ASSIGNMENT: Using the entries below, transcribe exactly the line containing "have -> : (2 * (p + 2) - 2" and each line that follows it to the end.

Dataset entries:
══════════════════════════════

Theorem mainTheorem4 (n : nat) (hn : (2 <= n)%N) :
  [/\ (A (2 * n))%:Z = 6 * (A (2 * n - 2))%:Z - (A (2 * n - 4))%:Z - 2,
      (A (2 * n + 1))%:Z = 6 * (A (2 * n - 1))%:Z - (A (2 * n - 3))%:Z + 2,
      (B (2 * n))%:Z = 6 * (B (2 * n - 2))%:Z - (B (2 * n - 4))%:Z + 2
    & (B (2 * n + 1))%:Z = 6 * (B (2 * n - 1))%:Z - (B (2 * n - 3))%:Z - 2].
Proof.
have [p ->] : exists p, n = (p + 2)%N by exists (n - 2)%N; rewrite subnK.
have sign_even : (-1) ^+ (2 * p) = 1 :> int by rewrite exprM sqrrN !expr1n.
have sign_odd : (-1) ^+ (2 * p + 1) = -1 :> int by rewrite exprD sign_even expr1 mul1r.
have -> : (2 * (p + 2) - 2 = 2 * p + 2)%N by lia.
have -> : (2 * (p + 2) - 4 = 2 * p)%N by lia.
have -> : (2 * (p + 2) - 1 = 2 * p + 1 + 2)%N by lia.
have -> : (2 * (p + 2) - 3 = 2 * p + 1)%N by lia.
have -> : (2 * (p + 2) + 1 = 2 * p + 1 + 4)%N by lia.
have -> : (2 * (p + 2) = 2 * p + 4)%N by lia.
rewrite A_recurrence4 (A_recurrence4 (2 * p + 1)) B_recurrence4 (B_recurrence4 (2 * p + 1)).
by rewrite sign_even sign_odd; split; lia.
Qed.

══════════════════════════════

EXERCISE RESULT:
have -> : (2 * (p + 2) - 2 = 2 * p + 2)%N by lia.
have -> : (2 * (p + 2) - 4 = 2 * p)%N by lia.
have -> : (2 * (p + 2) - 1 = 2 * p + 1 + 2)%N by lia.
have -> : (2 * (p + 2) - 3 = 2 * p + 1)%N by lia.
have -> : (2 * (p + 2) + 1 = 2 * p + 1 + 4)%N by lia.
have -> : (2 * (p + 2) = 2 * p + 4)%N by lia.
rewrite A_recurrence4 (A_recurrence4 (2 * p + 1)) B_recurrence4 (B_recurrence4 (2 * p + 1)).
by rewrite sign_even sign_odd; split; lia.
Qed.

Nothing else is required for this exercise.